‘Gambia’s allegations of genocide against Myanmar ‘factually misleading’’
The Nobel peace prize laureate Aung San Suu Kyi defends actions of government, saying attacks were initiated by insurgents. Gambia took Myanmar to International Court of Justice on allegations that has and continue to commit genocide against its minority Rohingya Muslims.
The Nobel peace prize laureate Aung San Suu Kyi has defended Myanmar’s government against accusations of genocide at the international court of justice, calling the allegations against his country “incomplete and misleading factual picture of the situation in Rakhine state”.
Addressing a bench of 17 judges from around the world, the 74-year-old leader dismissed reports of state violence against Rohingya Muslims and blamed the conflict on an uprising by separatist insurgents.
An estimated 700,000 Rohingya have fled to neighbouring Bangladesh since late 2016, escaping military clearance operations that a UN fact-finding mission described as “brutal”. It warned that Myanmar was failing to prevent genocide.
Once internationally feted as a human rights champion, Aung San Suu Kyi is leading Myanmar’s delegation to the court in The Hague.
The state counsellor, in effect the country’s prime minister, delivered an overview of Myanmar’s response to what she described as a terrorist uprising inside its borders.
The attacks were initiated by members of the Arakan Rohingya Salvation Army (ARSA), Aung San Suu Kyi told the court as she displayed detailed maps of Rakhine state showing, she claimed, where the first assaults began in late 2016. Myanamar’s security forces responded to that violence, she said.
“The situation in Rakhine state is complex and not easy to fathom,” she said. “The troubles in Rakhine state … go back into past centuries and and have been particularly severe.

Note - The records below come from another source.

(* Let $T$ be an invertible bilateral weighted (forward) shift on $\ell^2(\mathbb{Z})$, i.e. $Te_n=w_ne_{n+1}$ for $n\in\mathbb{Z}$ with weights satisfying $0<\inf_n|w_n|\le\sup_n|w_n|<\infty$, and let $B=T^{-1}$. Let $(n_k)_{k\in\mathbb{N}}$ be an increasing sequence of positive integers, and let $\mathcal{M}$ be the closed subspace of $\ell^2(\mathbb{Z})$ spanned by $\{e_{m_i}:i\in\mathbb{N}\}$ for some integers $m_i$, with $T^{n_k}\mathcal{M}\subseteq\mathcal{M}$ for all $k$. If $T^{n_k}e_{m_i}\to0$ as $k\to\infty$ for some $i$, then $T^{n_k}e_{m_r}\to0$ for all $r\in\mathbb{N}$. If $\|T^{n_k}e_{m_i}\|\,\|B^{n_k}e_{m_j}\|\to0$ as $k\to\infty$ for some $i,j$, then $\|T^{n_k}e_{m_r}\|\,\|B^{n_k}e_{m_p}\|\to0$ for all $r,p\in\mathbb{N}$.
   Context: $(e_n)_{n\in\mathbb{Z}}$ is the canonical orthonormal basis of $\ell^2(\mathbb{Z})$. *)

From Stdlib Require Import Reals ZArith List ClassicalEpsilon.
Open Scope R_scope.

(** Complex numbers as pairs (re, im). *)
Definition Cpx := (R * R)%type.
Definition C0 : Cpx := (0, 0).
Definition C1 : Cpx := (1, 0).
Definition Cadd (a b : Cpx) : Cpx := (fst a + fst b, snd a + snd b).
Definition Copp (a : Cpx) : Cpx := (- fst a, - snd a).
Definition Cmul (a b : Cpx) : Cpx :=
  (fst a * fst b - snd a * snd b, fst a * snd b + snd a * fst b).
Definition Cmod (a : Cpx) : R := sqrt (fst a ^ 2 + snd a ^ 2).

Definition vec := Z -> Cpx.

(* |x_j|^2 + |x_{-j-1}|^2, j : nat, enumerates all coordinates *)
Definition sqterm (x : vec) (j : nat) : R :=
  Cmod (x (Z.of_nat j)) ^ 2 + Cmod (x (- Z.of_nat j - 1)%Z) ^ 2.

Definition is_l2 (x : vec) : Prop := exists s, infinite_sum (sqterm x) s.

(* sum_{n in Z} |x_n|^2 (meaningful for x in ℓ²) *)
Definition l2sq (x : vec) : R :=
  epsilon (inhabits 0) (fun s => infinite_sum (sqterm x) s).

Definition l2norm (x : vec) : R := sqrt (l2sq x).

Definition vsub (x y : vec) : vec := fun z => Cadd (x z) (Copp (y z)).

Definition e (k : Z) : vec := fun z => if Z.eq_dec z k then C1 else C0.

(** Bilateral weighted forward shift: T e_n = w_n e_{n+1},
    i.e. (T x)_n = w_{n-1} x_{n-1}. *)
Definition wshift (w : Z -> Cpx) (x : vec) : vec :=
  fun n => Cmul (w (n - 1)%Z) (x (n - 1)%Z).

Fixpoint lincomb (m : nat -> Z) (l : list (nat * Cpx)) : vec :=
  match l with
  | nil => fun _ => C0
  | (i, c) :: l' => fun z => Cadd (Cmul c (e (m i) z)) (lincomb m l' z)
  end.

Definition in_cspan (m : nat -> Z) (x : vec) : Prop :=
  is_l2 x /\
  forall eps, eps > 0 -> exists l : list (nat * Cpx), l2norm (vsub x (lincomb m l)) < eps.

Fixpoint opow (A : vec -> vec) (k : nat) (x : vec) : vec :=
  match k with O => x | S k' => A (opow A k' x) end.

(* The theorem holds for a simple structural reason: on a bilateral weighted
   shift with weights bounded above and below, the orbits of two basis vectors
   are uniformly comparable.  Write  P(k,n) = |w_k| |w_(k+1)| ... |w_(k+n-1)|.
   Then  T^n e_k = (w_k...w_(k+n-1)) e_(k+n),  so  ||T^n e_k|| = P(k,n),  and
   B^n e_k is a multiple of e_(k-n) with  ||B^n e_k|| = 1 / P(k-n,n).  Moving
   the starting index by one changes P(k,n) by the factor |w_(k+n)|/|w_k|,
   which lies in [c/d, d/c]; hence  P(b,n) <= (d/c)^|b-a| P(a,n)  for all n. *)

From Pilot Require Import Defs.
From Stdlib Require Import Reals ZArith Lra Lia FunctionalExtensionality ClassicalEpsilon.
Open Scope R_scope.

Lemma Cmod_ge0 (a : Cpx) : 0 <= Cmod a.
Proof. apply sqrt_pos. Qed.

Lemma Cmod_C0 : Cmod C0 = 0.
Proof. unfold Cmod, C0; simpl. replace (0 * (0 * 1) + 0 * (0 * 1)) with 0 by ring. apply sqrt_0. Qed.

Lemma Cmod_C1 : Cmod Defs.C1 = 1.
Proof. unfold Cmod, Defs.C1; simpl. replace (1 * (1 * 1) + 0 * (0 * 1)) with 1 by ring. apply sqrt_1. Qed.

Lemma Cmod_mul (a b : Cpx) : Cmod (Cmul a b) = Cmod a * Cmod b.
Proof.
  destruct a as [x y], b as [p q]; unfold Cmod, Cmul; simpl.
  rewrite <- sqrt_mult by nra. f_equal. ring.
Qed.

Lemma Cmul_C0 (a : Cpx) : Cmul a C0 = C0.
Proof. destruct a; unfold Cmul, C0; simpl; f_equal; ring. Qed.

Definition Cinv (a : Cpx) : Cpx :=
  (fst a / (fst a ^ 2 + snd a ^ 2), - snd a / (fst a ^ 2 + snd a ^ 2)).

Lemma Cmul_Cinv (a u : Cpx) : Cmod a > 0 -> Cmul a (Cmul (Cinv a) u) = u.
Proof.
  destruct a as [x y], u as [p q]; unfold Cmod, Cmul, Cinv; simpl; intros Ha.
  assert (Hnz : x * (x * 1) + y * (y * 1) <> 0).
  { intro H0. rewrite H0, sqrt_0 in Ha. lra. }
  f_equal; field; intro H0; apply Hnz; nra.
Qed.

Definition single (k : Z) (v : Cpx) : vec := fun z => if Z.eq_dec z k then v else C0.

Lemma e_single (k : Z) : e k = single k Defs.C1.
Proof. reflexivity. Qed.

Definition coord_index (k : Z) : nat :=
  if Z_le_dec 0 k then Z.to_nat k else Z.to_nat (- k - 1).

Lemma sqterm_single (k : Z) (v : Cpx) (j : nat) :
  sqterm (single k v) j = if Nat.eq_dec j (coord_index k) then Cmod v ^ 2 else 0.
Proof.
  unfold sqterm, single, coord_index.
  destruct (Z_le_dec 0 k); destruct (Nat.eq_dec j _);
  destruct (Z.eq_dec (Z.of_nat j) k); destruct (Z.eq_dec (- Z.of_nat j - 1)%Z k);
  try lia; rewrite ?Cmod_C0; ring.
Qed.

Lemma infinite_sum_single_term (f : nat -> R) (j0 : nat) (V : R) :
  (forall j, f j = if Nat.eq_dec j j0 then V else 0) -> infinite_sum f V.
Proof.
  intros Hf.
  assert (Partial : forall n, sum_f_R0 f n = if le_dec j0 n then V else 0).
  { induction n as [|n IH]; simpl.
    - rewrite Hf. destruct (Nat.eq_dec 0 j0); destruct (le_dec j0 0); try lia; auto.
    - rewrite IH, Hf. destruct (Nat.eq_dec (S n) j0); destruct (le_dec j0 n);
      destruct (le_dec j0 (S n)); try lia; ring. }
  intros eps Heps. exists j0; intros n Hn.
  rewrite Partial. destruct (le_dec j0 n); [|lia].
  unfold R_dist. replace (V - V) with 0 by ring. rewrite Rabs_R0; lra.
Qed.

Lemma single_l2 (k : Z) (v : Cpx) : is_l2 (single k v) /\ l2norm (single k v) = Cmod v.
Proof.
  assert (Hs : infinite_sum (sqterm (single k v)) (Cmod v ^ 2)).
  { apply (infinite_sum_single_term _ (coord_index k)). apply sqterm_single. }
  split; [exists (Cmod v ^ 2); exact Hs|].
  unfold l2norm, l2sq.
  pose proof (epsilon_spec (inhabits 0) (fun s => infinite_sum (sqterm (single k v)) s)
                (ex_intro _ _ Hs)) as Heps.
  rewrite (uniqueness_sum _ _ _ Heps Hs). apply sqrt_pow2, Cmod_ge0.
Qed.

Fixpoint wprod (w : Z -> Cpx) (k : Z) (n : nat) : R :=
  match n with O => 1 | S n' => Cmod (w (k + Z.of_nat n')%Z) * wprod w k n' end.

Lemma wprod_ge0 (w : Z -> Cpx) (k : Z) (n : nat) : 0 <= wprod w k n.
Proof.
  induction n; simpl; [lra|].
  pose proof (Cmod_ge0 (w (k + Z.of_nat n)%Z)); nra.
Qed.

Lemma wprod_S_first (w : Z -> Cpx) (n : nat) :
  forall k, wprod w k (S n) = Cmod (w k) * wprod w (k + 1) n.
Proof.
  induction n as [|n IH]; intro k.
  - simpl. rewrite Z.add_0_r. ring.
  - change (wprod w k (S (S n))) with (Cmod (w (k + Z.of_nat (S n))%Z) * wprod w k (S n)).
    rewrite IH. replace (k + Z.of_nat (S n))%Z with (k + 1 + Z.of_nat n)%Z by lia.
    simpl. ring.
Qed.

Lemma wshift_single (w : Z -> Cpx) (j : Z) (u : Cpx) :
  wshift w (single j u) = single (j + 1) (Cmul (w j) u).
Proof.
  apply functional_extensionality; intro z. unfold wshift, single.
  destruct (Z.eq_dec (z - 1) j); destruct (Z.eq_dec z (j + 1)); try lia.
  - subst. reflexivity.
  - apply Cmul_C0.
Qed.

Lemma wshift_pow_single (w : Z -> Cpx) (n : nat) : forall k v, exists u,
  opow (wshift w) n (single k v) = single (k + Z.of_nat n) u /\
  Cmod u = wprod w k n * Cmod v.
Proof.
  induction n as [|n IH]; intros k v.
  - exists v; simpl. rewrite Z.add_0_r. split; [reflexivity | ring].
  - destruct (IH k v) as [u [Hu Hmod]]. exists (Cmul (w (k + Z.of_nat n)%Z) u).
    simpl. rewrite Hu, wshift_single. split.
    + f_equal. lia.
    + rewrite Cmod_mul, Hmod. ring.
Qed.

Lemma norm_wshift_pow_e (w : Z -> Cpx) (k : Z) (n : nat) :
  l2norm (opow (wshift w) n (e k)) = wprod w k n.
Proof.
  rewrite e_single. destruct (wshift_pow_single w n k Defs.C1) as [u [Hu Hmod]].
  rewrite Hu, (proj2 (single_l2 _ _)), Hmod, Cmod_C1. ring.
Qed.

Section BoundedWeights.

Variable w : Z -> Cpx.
Variables c d : R.
Hypothesis c_pos : 0 < c.
Hypothesis w_bounds : forall n, c <= Cmod (w n) <= d.

Lemma weight_pos (n : Z) : Cmod (w n) > 0.
Proof. destruct (w_bounds n); lra. Qed.

Lemma wprod_pos (k : Z) (n : nat) : wprod w k n > 0.
Proof. induction n; simpl; [lra|]. pose proof (weight_pos (k + Z.of_nat n)%Z); nra. Qed.

Variable B : vec -> vec.
Hypothesis B_inverse : forall x, is_l2 x -> B (wshift w x) = x /\ wshift w (B x) = x.

Lemma B_single (j : Z) (u : Cpx) : exists u',
  B (single j u) = single (j - 1) u' /\ Cmod (w (j - 1)%Z) * Cmod u' = Cmod u.
Proof.
  set (u' := Cmul (Cinv (w (j - 1)%Z)) u).
  assert (Hw : Cmul (w (j - 1)%Z) u' = u) by apply Cmul_Cinv, weight_pos.
  assert (Hx : wshift w (single (j - 1) u') = single j u).
  { rewrite wshift_single, Hw. f_equal; lia. }
  exists u'. split.
  - rewrite <- Hx. apply B_inverse, single_l2.
  - rewrite <- Cmod_mul, Hw. reflexivity.
Qed.

Lemma B_pow_single (n : nat) : forall k v, exists u,
  opow B n (single k v) = single (k - Z.of_nat n) u /\
  wprod w (k - Z.of_nat n) n * Cmod u = Cmod v.
Proof.
  induction n as [|n IH]; intros k v.
  - exists v; simpl. rewrite Z.sub_0_r. split; [reflexivity | ring].
  - destruct (IH k v) as [u [Hu Hmod]].
    destruct (B_single (k - Z.of_nat n) u) as [u' [Hu' Hmod']].
    exists u'. cbn [opow]. rewrite Hu, Hu'. split.
    + f_equal. lia.
    + replace (k - Z.of_nat (S n))%Z with (k - Z.of_nat n - 1)%Z by lia.
      rewrite wprod_S_first, Z.sub_add, <- Hmod, <- Hmod'. ring.
Qed.

Lemma norm_B_pow_e (k : Z) (n : nat) :
  l2norm (opow B n (e k)) = / wprod w (k - Z.of_nat n) n.
Proof.
  rewrite e_single. destruct (B_pow_single n k Defs.C1) as [u [Hu Hmod]].
  rewrite Hu, (proj2 (single_l2 _ _)). rewrite Cmod_C1 in Hmod.
  pose proof (wprod_pos (k - Z.of_nat n) n).
  apply (Rmult_eq_reg_l (wprod w (k - Z.of_nat n) n)); [|lra].
  rewrite Hmod. field. lra.
Qed.

Lemma wprod_step (k : Z) (n : nat) :
  wprod w (k + 1) n <= d / c * wprod w k n /\ wprod w k n <= d / c * wprod w (k + 1) n.
Proof.
  pose proof (wprod_S_first w n k) as Hfirst. simpl in Hfirst.
  pose proof (wprod_ge0 w k n). pose proof (wprod_ge0 w (k + 1) n).
  destruct (w_bounds k). destruct (w_bounds (k + Z.of_nat n)%Z).
  split; apply (Rmult_le_reg_r c); try lra;
    match goal with |- _ <= d / c * ?p * c => replace (d / c * p * c) with (d * p) by (field; lra) end;
    nra.
Qed.

Lemma wprod_steps (j : nat) : forall a n,
  wprod w (a + Z.of_nat j) n <= (d / c) ^ j * wprod w a n /\
  wprod w a n <= (d / c) ^ j * wprod w (a + Z.of_nat j) n.
Proof.
  assert (Hdc : 0 < d / c) by (destruct (w_bounds 0%Z); apply Rdiv_lt_0_compat; lra).
  induction j as [|j IH]; intros a n.
  - simpl. rewrite Z.add_0_r. lra.
  - destruct (IH a n) as [IH1 IH2].
    destruct (wprod_step (a + Z.of_nat j) n) as [Hs1 Hs2].
    replace (a + Z.of_nat j + 1)%Z with (a + Z.of_nat (S j))%Z in Hs1, Hs2 by lia.
    pose proof (pow_lt _ j Hdc). change ((d / c) ^ S j) with (d / c * (d / c) ^ j). split.
    + apply (Rle_trans _ _ _ Hs1). rewrite Rmult_assoc. apply Rmult_le_compat_l; lra.
    + apply (Rle_trans _ _ _ IH2). rewrite (Rmult_comm (d / c)), Rmult_assoc.
      apply Rmult_le_compat_l; lra.
Qed.

Lemma wprod_comparable (a b : Z) : exists C, C > 0 /\
  forall n s, wprod w (b + s) n <= C * wprod w (a + s) n.
Proof.
  assert (Hdc : 0 < d / c) by (destruct (w_bounds 0%Z); apply Rdiv_lt_0_compat; lra).
  destruct (Z_le_dec a b) as [Hab | Hab].
  - exists ((d / c) ^ Z.to_nat (b - a)). split; [apply pow_lt; exact Hdc|].
    intros n s. replace (b + s)%Z with (a + s + Z.of_nat (Z.to_nat (b - a)))%Z by lia.
    apply wprod_steps.
  - exists ((d / c) ^ Z.to_nat (a - b)). split; [apply pow_lt; exact Hdc|].
    intros n s. replace (a + s)%Z with (b + s + Z.of_nat (Z.to_nat (a - b)))%Z by lia.
    apply wprod_steps.
Qed.

End BoundedWeights.

Lemma Un_cv_dominated (f g : nat -> R) (C : R) : C > 0 ->
  (forall n, 0 <= g n <= C * f n) -> Un_cv f 0 -> Un_cv g 0.
Proof.
  intros HC Hg Hf eps Heps.
  destruct (Hf (eps / C)) as [N HN]; [apply Rdiv_lt_0_compat; lra|].
  exists N; intros n Hn. specialize (HN n Hn). specialize (Hg n).
  unfold R_dist in *. rewrite Rminus_0_r in *. rewrite Rabs_right by lra.
  pose proof (Rle_abs (f n)).
  apply (Rmult_lt_compat_l C) in HN; [|exact HC].
  replace (C * (eps / C)) with eps in HN by (field; lra). nra.
Qed.

Lemma quotient_bound (a b x y Q1 Q2 : R) :
  0 <= a -> 0 < x -> 0 < y -> 0 < Q2 ->
  a <= Q1 * b -> y <= Q2 * x -> a * / x <= Q1 * Q2 * (b * / y).
Proof.
  intros Ha Hx Hy HQ2 Hab Hyx.
  assert (Hinv : / x <= Q2 * / y).
  { apply (Rmult_le_reg_r (x * y)); [nra|].
    replace (/ x * (x * y)) with y by (field; lra).
    replace (Q2 * / y * (x * y)) with (Q2 * x) by (field; lra). lra. }
  assert (0 < / x) by (apply Rinv_0_lt_compat; exact Hx).
  assert (0 < / y) by (apply Rinv_0_lt_compat; exact Hy).
  nra.
Qed.

Theorem mainTheorem7
  (w : Z -> Cpx)
  (hw : exists c d, 0 < c /\ forall n, c <= Cmod (w n) <= d)
  (B : vec -> vec)
  (hB : forall x, is_l2 x -> B (wshift w x) = x /\ wshift w (B x) = x)
  (nk : nat -> nat)
  (hpos : forall k, (0 < nk k)%nat)
  (hinc : forall k, (nk k < nk (S k))%nat)
  (m : nat -> Z)
  (hinv : forall k x, in_cspan m x -> in_cspan m (opow (wshift w) (nk k) x)) :
  ((exists i, Un_cv (fun k => l2norm (opow (wshift w) (nk k) (e (m i)))) 0) ->
     forall r, Un_cv (fun k => l2norm (opow (wshift w) (nk k) (e (m r)))) 0)
  /\
  ((exists i j, Un_cv (fun k => l2norm (opow (wshift w) (nk k) (e (m i)))
                               * l2norm (opow B (nk k) (e (m j)))) 0) ->
     forall r p, Un_cv (fun k => l2norm (opow (wshift w) (nk k) (e (m r)))
                               * l2norm (opow B (nk k) (e (m p)))) 0).
Proof.
  destruct hw as [c [d [hc hwb]]].
  split.
  - intros [i Hi] r.
    destruct (wprod_comparable w c d hc hwb (m i) (m r)) as [C [HC Hcmp]].
    eapply (Un_cv_dominated _ _ C HC); [|exact Hi].
    intro k. rewrite !norm_wshift_pow_e. split; [apply wprod_ge0|].
    specialize (Hcmp (nk k) 0%Z). rewrite !Z.add_0_r in Hcmp. exact Hcmp.
  - intros [i [j Hij]] r p.
    destruct (wprod_comparable w c d hc hwb (m i) (m r)) as [Q1 [HQ1 HT]].
    destruct (wprod_comparable w c d hc hwb (m p) (m j)) as [Q2 [HQ2 HB]].
    eapply (Un_cv_dominated _ _ (Q1 * Q2)); [nra| |exact Hij].
    intro k. rewrite !norm_wshift_pow_e, !(norm_B_pow_e w c d hc hwb B hB).
    specialize (HT (nk k) 0%Z). rewrite !Z.add_0_r in HT.
    specialize (HB (nk k) (- Z.of_nat (nk k))%Z). rewrite <- !Z.sub_opp_r, !Z.opp_involutive in HB.
    pose proof (wprod_pos w c d hc hwb (m p - Z.of_nat (nk k)) (nk k)).
    pose proof (wprod_pos w c d hc hwb (m j - Z.of_nat (nk k)) (nk k)).
    split.
    + apply Rmult_le_pos; [apply wprod_ge0 | left; apply Rinv_0_lt_compat; assumption].
    + apply quotient_bound; auto using wprod_ge0.
Qed.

ARSA seeks independence for Rakhine, finding inspiration from the [ancient] Arakan kingdom.”
Her speech to the UN’s highest tribunal came on the second day of an emergency legal hearing convened to consider whether protective “provisional measures” should be imposed to prevent further killings and destruction in Myanmar.
Aung San Suu Kyi said an initial phase of violence had begun in October 2016 when ARSA carried out attacks on police stations near the border with Bangladesh.
“This led to the deaths of nine police officers and more than 100 civilians as well as the theft of 68 weapons and thousands of rounds of ammunition.”
She said a second wave of ARSA assaults launched in August 2017 aimed to seize the township of Maungdaw, telling the court Myanmar’s army had been forced to respond with “counter-insurgency operations”.
The charge that Myanmar’s military carried out mass murder, rape and destruction of Rohingya Muslim communities has been brought by the Gambia.
“We are dealing with an internal armed conflict, started by coordinated and comprehensive attacks by the Arakan Rohingya Salvation Army, to which Myanmar’s defence services responded,” she told the court.
“Tragically, this armed conflict led to the exodus of several hundred thousand Muslims from the three northernmost townships of Rakhine into Bangladesh – just as the armed conflict in Croatia with which the court had to deal led to the massive exodus of first ethnic Croats and later ethnic Serbs.”
Under the rules of the ICJ, member states can initiate actions against fellow member states over disputes alleging breaches of international law – in this case, the 1948 convention on the prevention and punishment of the crime of genocide.
Aung San Suu Kyi disputed the genocide convention as a basis for the case and asserted in court that the principle of international law is that it should compliment domestic justice.
She said if war crimes or human rights violations had been committed they would be dealt with by Myanmar’s justice system, adding that in one case soldiers had been punished for the execution of civilians.